----- Material provided

Lemma false_fromP r w :
  reflect (forall i, r <= i < size w -> nth false w i = false) (false_from r w).
Proof.
apply: (iffP (all_nthP false)); rewrite size_drop => H i.
  move=> /andP [ri iw]; have := H (i - r); rewrite nth_drop subnKC //.
  by move=> /(_ ltac:(lia)) /negbTE.
by move=> ir; rewrite nth_drop H //; lia.
Qed.

Lemma take_mkseq (T : Type) (f : nat -> T) k n :
  take k (mkseq f n) = mkseq f (minn k n).
Proof. by rewrite /mkseq -map_take take_iota. Qed.

Lemma size_insert_descent w n q : size (insert_descent w n q) = n.
Proof. exact: size_mkseq. Qed.

Lemma nth_insert_descent w n q i : i < n -> nth false (insert_descent w n q) i =
  if i.+1 < q then nth false w i else if i.+1 == q then true
  else if i == q then false else nth false w i.-1.
Proof. by move=> h; rewrite nth_mkseq. Qed.

Section InsertDescent.
Variables (w : bitseq) (n r : nat).
Hypothesis size_w : size w = n.-1.

Lemma take_insert_descent_at : r <= n ->
  take r.-1 (insert_descent w n r) = take r.-1 w.
Proof.
move=> rn; rewrite take_mkseq.
apply: (@eq_from_nth _ false) => [|i]; rewrite size_mkseq.
  by rewrite size_take size_w; case: ltnP => h; lia.
by move=> hi; rewrite nth_mkseq // nth_take ?ifT //; lia.
Qed.

Lemma false_from_insert_descent_at : r <= n ->
  false_from r (insert_descent w n r) = false_from r w.
Proof.
move=> rn; apply/false_fromP/false_fromP;
  rewrite size_insert_descent size_w => H i /andP [ri iw].
  have := H i.+1; rewrite nth_insert_descent; last by lia.
  by rewrite !ifF; [apply; lia | lia | lia | lia].
rewrite nth_insert_descent // ifF; last by lia.
rewrite ifF; last by lia.
by case: eqP => // /eqP ne; apply: H; lia.
Qed.

Lemma false_from_insert_descent_gt q : r < q <= n ->
  false_from r (insert_descent w n q) = false.
Proof.
move=> /andP [rq qn]; apply/negbTE/negP => /false_fromP /(_ q.-1).
rewrite size_insert_descent nth_insert_descent; last by lia.
by rewrite ifF ?ifT; [move/(_ ltac:(lia)) | apply/eqP; lia | lia].
Qed.

Lemma take_insert_descent_lt q : q < r -> r <= n.+1 ->
  take r.-1 (insert_descent w n q) =
  take r.-1 (insert_descent (take r.-2 w) r.-1 q).
Proof.
move=> qr rn; rewrite !take_mkseq /mkseq.
rewrite (_ : minn r.-1 n = r.-1) ?minnn; last by lia.
apply/eq_in_map => i; rewrite mem_iota /= => hi.
case: ltnP => h1; first by rewrite nth_take //; lia.
case: eqP => // h2; case: eqP => // h3.
by rewrite nth_take //; lia.
Qed.

Lemma false_from_insert_descent_lt q : q < r -> r <= n.+1 ->
  false_from r (insert_descent w n q) = false_from r.-1 w.
Proof.
move=> qr rn; apply/false_fromP/false_fromP;
  rewrite size_insert_descent size_w => H i /andP [ri iw].
  have := H i.+1; rewrite nth_insert_descent; last by lia.
  by rewrite !ifF; [apply; lia | lia | lia | lia].
by rewrite nth_insert_descent // !ifF; [apply: H; lia | lia | lia | lia].
Qed.

End InsertDescent.

(* Permutations of [0, N) whose descents at positions 1, ..., r-1 form a
   word in Q and which have no descent after position r; the descent at r
   itself is unconstrained. *)
Definition prefix_count (Q : pred bitseq) r N :=
  count (fun s => Q (take r.-1 (descent_word s)) && false_from r (descent_word s))
        (perms N).

Definition prefix_insert (Q : pred bitseq) r q : pred bitseq :=
  fun w => Q (take r.-1 (insert_descent w r.-1 q)).

Lemma sum_insert_descent (Q : pred bitseq) r n w : r <= n.+1 -> size w = n.-1 ->
  \sum_(q < n.+1) (Q (take r.-1 (insert_descent w n q)) &&
                   false_from r (insert_descent w n q)) =
  \sum_(q < r) (prefix_insert Q r q (take r.-2 w) && false_from r.-1 w)
  + (if r <= n then (Q (take r.-1 w) && false_from r w : nat) else 0).
Proof.
move=> rn sw.
rewrite -(big_mkord xpredT (fun q => (Q (take r.-1 (insert_descent w n q)) &&
                                       false_from r (insert_descent w n q)) : nat)).
rewrite (big_cat_nat _ (n := r)) //= big_mkord; congr (_ + _).
  apply: eq_bigr => q _; have qr := ltn_ord q.
  rewrite /prefix_insert -(take_insert_descent_lt sw qr rn).
  by rewrite (false_from_insert_descent_lt sw qr rn).
have [rn'|nr] := leqP r n; last by rewrite big_geq.
rewrite big_ltn // take_insert_descent_at // false_from_insert_descent_at //.
rewrite big1_seq ?addn0 // => q; rewrite mem_index_iota => rqn.
by rewrite false_from_insert_descent_gt ?andbF //; lia.
Qed.

Lemma prefix_countS Q r n : r <= n.+1 ->
  prefix_count Q r n.+1 =
  (if r <= n then prefix_count Q r n else 0)
  + \sum_(q < r) prefix_count (prefix_insert Q r q) r.-1 n.
Proof.
move=> rn; rewrite {1}/prefix_count
  (count_perms_S (fun w => Q (take r.-1 w) && false_from r w)).
rewrite (eq_big_seq _ (fun s sP => sum_insert_descent Q rn (size_descent_word_perms sP))).
rewrite big_split /= exchange_big /= addnC; congr (_ + _).
  by case: ifP => _; [rewrite /prefix_count count_sum_nat | rewrite big1].
by apply: eq_bigr => q _; rewrite /prefix_count count_sum_nat.
Qed.

Lemma prefix_count_bin r Q N : r <= N ->
  prefix_count Q r N = 'C(N, r) * prefix_count Q r r.
Proof.
elim: r Q N => [|r IHr] Q N.
  move=> _; rewrite bin0 mul1n; elim: N => // N IHN.
  by rewrite prefix_countS // big_ord0 addn0.
set S := fun n => \sum_(q < r.+1) prefix_count (prefix_insert Q r.+1 q) r n.
have SE n : r <= n -> S n = 'C(n, r) * S r.
  by move=> rn; rewrite /S big_distrr /=; apply: eq_bigr => q _; rewrite IHr.
have Sr : prefix_count Q r.+1 r.+1 = S r by rewrite prefix_countS // ltnn.
elim: N => // N IHN hN.
have [Nr|rN|<-] := ltngtP N r; [lia | | by rewrite binn mul1n].
by rewrite prefix_countS // rN IHN // -/(S N) SE ?Sr ?binS ?mulnDl //; lia.
Qed.

Definition perm_seq N (s : 'S_N) : seq nat := [seq val (s j) | j <- enum 'I_N].

Definition char_word (K : seq nat) n : bitseq := mkseq (fun i => i.+1 \in K) n.

Lemma size_char_word K n : size (char_word K n) = n.
Proof. exact: size_mkseq. Qed.

Lemma nth_char_word K n i : i < n -> nth false (char_word K n) i = (i.+1 \in K).
Proof. exact: nth_mkseq. Qed.

Lemma take_char_word K n k : k <= n -> take k (char_word K n) = char_word K k.
Proof. by move=> kn; rewrite take_mkseq (minn_idPl kn). Qed.

Lemma false_from_char_word K r n :
  all (fun i => i <= r) K -> false_from r (char_word K n).
Proof.
move=> /allP Kr; apply/false_fromP => i; rewrite size_char_word => /andP [ri iN].
by rewrite nth_char_word //; apply/negbTE/negP => /Kr; lia.
Qed.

----------

→ Description of the task
All records must be transcribed exactly, with none left out.

→ Written answer
Lemma false_fromP r w :
  reflect (forall i, r <= i < size w -> nth false w i = false) (false_from r w).
Proof.
apply: (iffP (all_nthP false)); rewrite size_drop => H i.
  move=> /andP [ri iw]; have := H (i - r); rewrite nth_drop subnKC //.
  by move=> /(_ ltac:(lia)) /negbTE.
by move=> ir; rewrite nth_drop H //; lia.
Qed.

Lemma take_mkseq (T : Type) (f : nat -> T) k n :
  take k (mkseq f n) = mkseq f (minn k n).
Proof. by rewrite /mkseq -map_take take_iota. Qed.

Lemma size_insert_descent w n q : size (insert_descent w n q) = n.
Proof. exact: size_mkseq. Qed.

Lemma nth_insert_descent w n q i : i < n -> nth false (insert_descent w n q) i =
  if i.+1 < q then nth false w i else if i.+1 == q then true
  else if i == q then false else nth false w i.-1.
Proof. by move=> h; rewrite nth_mkseq. Qed.

Section InsertDescent.
Variables (w : bitseq) (n r : nat).
Hypothesis size_w : size w = n.-1.

Lemma take_insert_descent_at : r <= n ->
  take r.-1 (insert_descent w n r) = take r.-1 w.
Proof.
move=> rn; rewrite take_mkseq.
apply: (@eq_from_nth _ false) => [|i]; rewrite size_mkseq.
  by rewrite size_take size_w; case: ltnP => h; lia.
by move=> hi; rewrite nth_mkseq // nth_take ?ifT //; lia.
Qed.

Lemma false_from_insert_descent_at : r <= n ->
  false_from r (insert_descent w n r) = false_from r w.
Proof.
move=> rn; apply/false_fromP/false_fromP;
  rewrite size_insert_descent size_w => H i /andP [ri iw].
  have := H i.+1; rewrite nth_insert_descent; last by lia.
  by rewrite !ifF; [apply; lia | lia | lia | lia].
rewrite nth_insert_descent // ifF; last by lia.
rewrite ifF; last by lia.
by case: eqP => // /eqP ne; apply: H; lia.
Qed.

Lemma false_from_insert_descent_gt q : r < q <= n ->
  false_from r (insert_descent w n q) = false.
Proof.
move=> /andP [rq qn]; apply/negbTE/negP => /false_fromP /(_ q.-1).
rewrite size_insert_descent nth_insert_descent; last by lia.
by rewrite ifF ?ifT; [move/(_ ltac:(lia)) | apply/eqP; lia | lia].
Qed.

Lemma take_insert_descent_lt q : q < r -> r <= n.+1 ->
  take r.-1 (insert_descent w n q) =
  take r.-1 (insert_descent (take r.-2 w) r.-1 q).
Proof.
move=> qr rn; rewrite !take_mkseq /mkseq.
rewrite (_ : minn r.-1 n = r.-1) ?minnn; last by lia.
apply/eq_in_map => i; rewrite mem_iota /= => hi.
case: ltnP => h1; first by rewrite nth_take //; lia.
case: eqP => // h2; case: eqP => // h3.
by rewrite nth_take //; lia.
Qed.

Lemma false_from_insert_descent_lt q : q < r -> r <= n.+1 ->
  false_from r (insert_descent w n q) = false_from r.-1 w.
Proof.
move=> qr rn; apply/false_fromP/false_fromP;
  rewrite size_insert_descent size_w => H i /andP [ri iw].
  have := H i.+1; rewrite nth_insert_descent; last by lia.
  by rewrite !ifF; [apply; lia | lia | lia | lia].
by rewrite nth_insert_descent // !ifF; [apply: H; lia | lia | lia | lia].
Qed.

End InsertDescent.

(* Permutations of [0, N) whose descents at positions 1, ..., r-1 form a
   word in Q and which have no descent after position r; the descent at r
   itself is unconstrained. *)
Definition prefix_count (Q : pred bitseq) r N :=
  count (fun s => Q (take r.-1 (descent_word s)) && false_from r (descent_word s))
        (perms N).

Definition prefix_insert (Q : pred bitseq) r q : pred bitseq :=
  fun w => Q (take r.-1 (insert_descent w r.-1 q)).

Lemma sum_insert_descent (Q : pred bitseq) r n w : r <= n.+1 -> size w = n.-1 ->
  \sum_(q < n.+1) (Q (take r.-1 (insert_descent w n q)) &&
                   false_from r (insert_descent w n q)) =
  \sum_(q < r) (prefix_insert Q r q (take r.-2 w) && false_from r.-1 w)
  + (if r <= n then (Q (take r.-1 w) && false_from r w : nat) else 0).
Proof.
move=> rn sw.
rewrite -(big_mkord xpredT (fun q => (Q (take r.-1 (insert_descent w n q)) &&
                                       false_from r (insert_descent w n q)) : nat)).
rewrite (big_cat_nat _ (n := r)) //= big_mkord; congr (_ + _).
  apply: eq_bigr => q _; have qr := ltn_ord q.
  rewrite /prefix_insert -(take_insert_descent_lt sw qr rn).
  by rewrite (false_from_insert_descent_lt sw qr rn).
have [rn'|nr] := leqP r n; last by rewrite big_geq.
rewrite big_ltn // take_insert_descent_at // false_from_insert_descent_at //.
rewrite big1_seq ?addn0 // => q; rewrite mem_index_iota => rqn.
by rewrite false_from_insert_descent_gt ?andbF //; lia.
Qed.

Lemma prefix_countS Q r n : r <= n.+1 ->
  prefix_count Q r n.+1 =
  (if r <= n then prefix_count Q r n else 0)
  + \sum_(q < r) prefix_count (prefix_insert Q r q) r.-1 n.
Proof.
move=> rn; rewrite {1}/prefix_count
  (count_perms_S (fun w => Q (take r.-1 w) && false_from r w)).
rewrite (eq_big_seq _ (fun s sP => sum_insert_descent Q rn (size_descent_word_perms sP))).
rewrite big_split /= exchange_big /= addnC; congr (_ + _).
  by case: ifP => _; [rewrite /prefix_count count_sum_nat | rewrite big1].
by apply: eq_bigr => q _; rewrite /prefix_count count_sum_nat.
Qed.

Lemma prefix_count_bin r Q N : r <= N ->
  prefix_count Q r N = 'C(N, r) * prefix_count Q r r.
Proof.
elim: r Q N => [|r IHr] Q N.
  move=> _; rewrite bin0 mul1n; elim: N => // N IHN.
  by rewrite prefix_countS // big_ord0 addn0.
set S := fun n => \sum_(q < r.+1) prefix_count (prefix_insert Q r.+1 q) r n.
have SE n : r <= n -> S n = 'C(n, r) * S r.
  by move=> rn; rewrite /S big_distrr /=; apply: eq_bigr => q _; rewrite IHr.
have Sr : prefix_count Q r.+1 r.+1 = S r by rewrite prefix_countS // ltnn.
elim: N => // N IHN hN.
have [Nr|rN|<-] := ltngtP N r; [lia | | by rewrite binn mul1n].
by rewrite prefix_countS // rN IHN // -/(S N) SE ?Sr ?binS ?mulnDl //; lia.
Qed.

Definition perm_seq N (s : 'S_N) : seq nat := [seq val (s j) | j <- enum 'I_N].

Definition char_word (K : seq nat) n : bitseq := mkseq (fun i => i.+1 \in K) n.

Lemma size_char_word K n : size (char_word K n) = n.
Proof. exact: size_mkseq. Qed.

Lemma nth_char_word K n i : i < n -> nth false (char_word K n) i = (i.+1 \in K).
Proof. exact: nth_mkseq. Qed.

Lemma take_char_word K n k : k <= n -> take k (char_word K n) = char_word K k.
Proof. by move=> kn; rewrite take_mkseq (minn_idPl kn). Qed.

Lemma false_from_char_word K r n :
  all (fun i => i <= r) K -> false_from r (char_word K n).
Proof.
move=> /allP Kr; apply/false_fromP => i; rewrite size_char_word => /andP [ri iN].
by rewrite nth_char_word //; apply/negbTE/negP => /Kr; lia.
Qed.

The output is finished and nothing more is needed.